Records from a data collection:
[Start of Attachment]

(* For $|q|<1$ and every integer $n\ge1$, $$\frac{1}{(n)_{q^2}!\,(n+1)_{q^2}!}=(1-q^2)^n\sum_{0\le\lambda_n\le\lambda_{n-1}\le\dots\le\lambda_1}C_{\lambda}(q)\,q^{4(\lambda_1+2\lambda_2+\dots+n\lambda_n)},$$ where the sum runs over all $n$-tuples of nonnegative integers $\lambda_1\ge\dots\ge\lambda_n\ge0$, and $C_\lambda(q)=\prod_{i}\frac{1}{(m_i)_{q^2}!}$, where $m_1,m_2,\dots$ are the multiplicities of the distinct values occurring among $\lambda_1,\dots,\lambda_n$ (zeros included).
   Context: $(a)_{q^2}=\frac{q^{2a}-1}{q^2-1}$, $(a)_{q^2}!=(1)_{q^2}(2)_{q^2}\cdots(a)_{q^2}$, $(0)_{q^2}!=1$. Equivalently $C_\lambda(q)=\prod_{i\ge0}\frac1{(\lambda'_i-\lambda'_{i+1})_{q^2}!}$ with $\lambda'_0=n$ and $\lambda'_j=\#\{k:\lambda_k\ge j\}$ for $j\ge1$. *)

From HB Require Import structures.
From mathcomp Require Import all_boot all_order all_algebra.
From mathcomp Require Import complex.
From mathcomp Require Import all_classical all_reals all_analysis.
Set Implicit Arguments. Unset Strict Implicit. Unset Printing Implicit Defensive.
Import Order.TTheory GRing.Theory Num.Theory.
Import numFieldNormedType.Exports.
Local Open Scope ring_scope.

Definition qint2 (F : fieldType) (q : F) (a : nat) : F :=
  (q ^+ (2 * a) - 1) / (q ^+ 2 - 1).

Definition qfact2 (F : fieldType) (q : F) (a : nat) : F :=
  \prod_(1 <= i < a.+1) qint2 q i.

Definition Clam (F : fieldType) (q : F) (lam : seq nat) : F :=
  \prod_(v <- undup lam) (qfact2 q (count_mem v lam))^-1.
Lemma primitiveM [b : R] [F G f g : R -> R] : 0 <= b ->
  primitive b F f -> primitive b G g ->
  primitive b (fun x => F x * G x) (fun x => F x * g x + f x * G x).
Proof.
move=> b0 pF pG.
have iFg := primitive_integrableMl b0 pF pG.1.
have ifG := primitive_integrableMr b0 pG pF.1.
split; first exact (integrableD_EFin (measurable_itv _) iFg ifG).
move=> x /[dup] xb /andP[x0 _]; rewrite RintegralD//; last 2 first.
- exact: primitive_integrableMl x0 (primitiveS xb pF) (primitiveS xb pG).1.
- exact: primitive_integrableMr x0 (primitiveS xb pG) (primitiveS xb pF).1.
by rewrite (primitive_by_parts x0 (primitiveS xb pF) (primitiveS xb pG)); ring.
Qed.

Lemma eq_primitive [b : R] [F F' f : R -> R] :
  (forall x, 0 <= x <= b -> F x = F' x) ->
  primitive b F f -> primitive b F' f.
Proof.
move=> FF' [if_ pF]; split => // x xb.
have [x0 xb'] := andP xb.
by rewrite -!FF' ?lexx ?(le_trans x0 xb')//; exact: pF.
Qed.

End primitive.

Section sobolev.
Context {R : realType}.
Notation mu := (@lebesgue_measure R).

Lemma integrable_cst_itv (a b c : R) : mu.-integrable `[a, b] (EFin \o cst c).
Proof.
apply: continuous_compact_integrable; first exact: segment_compact.
by move=> x; exact: cvg_cst.
Qed.
(* Fix integers $1\le i<s\le t\le r$. For $m\ge1$ let $M(m)$ be the maximum of $k^t(\mathcal H)$ over all $s$-graphs $\mathcal H$ with $m$ edges and $\Delta_i(\mathcal H)\le\binom{r-i}{s-i}$. Then \[M(m)=(1-o(1))\,m\frac{\binom{r}{t}}{\binom{r}{s}}\quad\text{as } m\to\infty.\]
   Context: An $s$-graph is a family of $s$-subsets (edges) of a vertex set. For $|I|=i$, $d_{\mathcal H}(I)$ is the number of edges containing $I$ and $\Delta_i(\mathcal H)=\max_{|I|=i}d_{\mathcal H}(I)$. $k^t(\mathcal H)$ is the number of $t$-sets all of whose $s$-subsets are edges. *)

From mathcomp Require Import all_boot all_order all_algebra.
Set Implicit Arguments. Unset Strict Implicit. Unset Printing Implicit Defensive.
Import Order.TTheory GRing.Theory Num.Theory.

Section Hypergraphs.
Variable V : finType.

Definition is_sgraph (s : nat) (H : {set {set V}}) : Prop :=
  forall e, e \in H -> #|e| = s.

Definition hdeg (H : {set {set V}}) (I : {set V}) : nat :=
  #|[set e in H | I \subset e]|.

Definition Delta (i : nat) (H : {set {set V}}) : nat :=
  \max_(I : {set V} | #|I| == i) hdeg H I.

Definition kt (s t : nat) (H : {set {set V}}) : nat :=
  #|[set T : {set V} | (#|T| == t) &&
      [forall S : {set V}, ((S \subset T) && (#|S| == s)) ==> (S \in H)]]|.
End Hypergraphs.

From mathcomp Require Import all_boot all_order all_algebra.
Import Order.TTheory GRing.Theory Num.Theory.
From mathcomp Require Import ring lra zify.
Set Implicit Arguments. Unset Strict Implicit. Unset Printing Implicit Defensive.

(* Upper bound: a c-uniform family G with |G| <= C(n, c) has at most
   |G| (n - c) / (c + 1) cliques of size c + 1 (a Lovasz-type form of
   Kruskal-Katona, by induction on n: either some vertex has degree above
   C(n - 1, c - 1) and is deleted, or all links are small and the bound is
   summed over vertices).  Iterating, G has at most |G| C(n, b) / C(n, a)
   b-cliques.  For an s-graph H with Delta_i(H) <= C(r - i, s - i), apply this
   with n = r - i to the link of every i-set I and double count over I:
   k^t(H) <= m C(r, t) / C(r, s).
   Lower bound: floor(m / C(r, s)) disjoint complete s-graphs on r vertices,
   plus the remaining edges in further disjoint blocks, satisfy the degree
   condition and contain floor(m / C(r, s)) C(r, t) t-cliques. *)

Lemma leq_card_inj (T T' : finType) (A : {set T}) (D : {set T'}) (f : T -> T') :
  {in A &, injective f} -> (forall x, x \in A -> f x \in D) -> #|A| <= #|D|.
Proof.
move=> f_inj fAD; rewrite -(card_in_imset f_inj); apply: subset_leq_card.
by apply/subsetP=> _ /imsetP[x xA ->]; apply: fAD.
Qed.

Lemma setD_inj (T : finType) (I e1 e2 : {set T}) :
  I \subset e1 -> I \subset e2 -> e1 :\: I = e2 :\: I -> e1 = e2.
Proof.
by move=> s1 s2 eD; rewrite -(setID e1 I) -(setID e2 I) eD (setIidPr s1) (setIidPr s2).
Qed.

Lemma setUDK_disjoint (T : finType) (X I : {set T}) : [disjoint X & I] -> (X :|: I) :\: I = X.
Proof. by move=> dXI; rewrite setDUl setDv setU0; apply/setDidPl. Qed.

Lemma sum_card_rel (T U : finType) (P : pred T) (F : {set U}) (R : T -> U -> bool) :
  \sum_(x | P x) #|[set B in F | R x B]| = \sum_(B in F) #|[set x | P x & R x B]|.
Proof.
under eq_bigr do rewrite -sum1dep_card.
rewrite (exchange_big_dep (mem F)) /=; last by move=> x B _ /andP[].
apply: eq_bigr => B BF; rewrite -sum1dep_card; apply: eq_bigl => x.
by rewrite BF.
Qed.
(* The radicands of r(g) and w(h): the thresholds that D^2 is compared with
   in q and m respectively. *)
Definition hank_radicand (lam beta gamma sh ch g : R) : R :=
  (1 - lam)*(1 - lam - beta + 2*g*gamma)
  - (2 - lam - 2*beta)*gamma*sh - 2*g*beta*gamma + gamma*ch.
Definition georgia_radicand (lam beta gamma sh ch h : R) : R :=
  (1 - lam)*(1 - lam - 2*h*gamma - beta)
  + (2 - lam - 2*beta)*gamma*sh + 2*h*beta*gamma - ch*gamma.

Lemma q_as_square lam beta gamma sh ch g h :
  q_fun lam beta gamma sh ch g h
  = denom lam gamma g h ^ 2 - hank_radicand lam beta gamma sh ch g.
Proof. unfold q_fun, denom, hank_radicand. ring. Qed.

Lemma m_as_square lam beta gamma sh ch g h :
  m_fun lam beta gamma sh ch g h
  = denom lam gamma g h ^ 2 - georgia_radicand lam beta gamma sh ch h.
Proof. unfold m_fun, denom, georgia_radicand. ring. Qed.

(* The two first-order conditions add up to a multiple of D; this links
   Georgia's and Hank's incentives. *)
Lemma q_plus_m lam beta gamma sh ch g h :
  q_fun lam beta gamma sh ch g h + m_fun lam beta gamma sh ch g h
  = 2 * (beta + gamma * (g - h)) * denom lam gamma g h.
Proof. unfold q_fun, m_fun, denom. ring. Qed.

Lemma m_difference_h lam beta gamma sh ch g h1 h2 :
  m_fun lam beta gamma sh ch g h1 - m_fun lam beta gamma sh ch g h2
  = gamma * (h2 - h1) * (2*beta + 2*gamma*g - gamma*(h1 + h2)).
Proof. unfold m_fun. ring. Qed.

Lemma f_difference_h lam beta gamma sh ch C g h1 h2 :
  denom lam gamma g h1 <> 0 -> denom lam gamma g h2 <> 0 ->
  f_fun lam beta gamma sh ch C g h2 - f_fun lam beta gamma sh ch C g h1
  = C * (h2 - h1)
    * (denom lam gamma g h1 * denom lam gamma g h2
       - hank_radicand lam beta gamma sh ch g)
    / (denom lam gamma g h1 * denom lam gamma g h2).
Proof. unfold f_fun, denom, hank_radicand. intros. field. split; assumption. Qed.

Lemma f_difference_g lam beta gamma sh ch C g1 g2 h :
  denom lam gamma g1 h <> 0 -> denom lam gamma g2 h <> 0 ->
  f_fun lam beta gamma sh ch C g2 h - f_fun lam beta gamma sh ch C g1 h
  = C * (g2 - g1)
    * (denom lam gamma g2 h * denom lam gamma g1 h
       - georgia_radicand lam beta gamma sh ch h)
    / (denom lam gamma g2 h * denom lam gamma g1 h).
Proof. unfold f_fun, denom, georgia_radicand. intros. field. split; assumption. Qed.

Lemma quotient_nonneg C x u v E :
  0 <= C -> 0 <= x -> 0 < v <= u -> E <= v ^ 2 ->
  0 <= C * x * (u * v - E) / (u * v).
Proof.
  intros HC Hx Huv HE.
  assert (Hprod : E <= u * v) by nra.
  unfold Rdiv. apply Rmult_le_pos.
  - apply Rmult_le_pos; [apply Rmult_le_pos|]; lra.
  - left. apply Rinv_0_lt_compat. nra.
Qed.

Lemma quotient_nonpos C x u v E :
  0 <= C -> 0 <= x -> 0 < v <= u -> u ^ 2 <= E ->
  C * x * (u * v - E) / (u * v) <= 0.
Proof.
  intros HC Hx Huv HE.
  assert (Hprod : 0 <= C * x * (E - u * v)) by
    (apply Rmult_le_pos; [apply Rmult_le_pos|]; nra).
  unfold Rdiv. rewrite <- (Ropp_involutive (C * x * (u * v - E))).
  replace (- (C * x * (u * v - E))) with (C * x * (E - u * v)) by ring.
  assert (0 < / (u * v)) by (apply Rinv_0_lt_compat; nra).
  nra.
Qed.

Lemma le_sqrt_of_sq_le u E : 0 <= u -> u ^ 2 <= E -> u <= sqrt E.
Proof. intros Hu HE. rewrite <- (sqrt_pow2 u Hu). apply sqrt_le_1_alt, HE. Qed.

Lemma sqrt_le_of_le_sq u E : 0 <= u -> E <= u ^ 2 -> sqrt E <= u.
Proof. intros Hu HE. rewrite <- (sqrt_pow2 u Hu). apply sqrt_le_1_alt, HE. Qed.

Section Game.
Variables lam beta gamma sh ch C : R.
Hypothesis gamma_pos : 0 < gamma.
Hypothesis gamma_le_beta : gamma <= beta.
Hypothesis lam_small : lam < 1 - gamma.
Hypothesis C_pos : 0 < C.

[End of Attachment]

## What is needed
Check each line of the entries, and copy the ones that contain "vertices".

## Exercise output
   summed over vertices).  Iterating, G has at most |G| C(n, b) / C(n, a)
   Lower bound: floor(m / C(r, s)) disjoint complete s-graphs on r vertices,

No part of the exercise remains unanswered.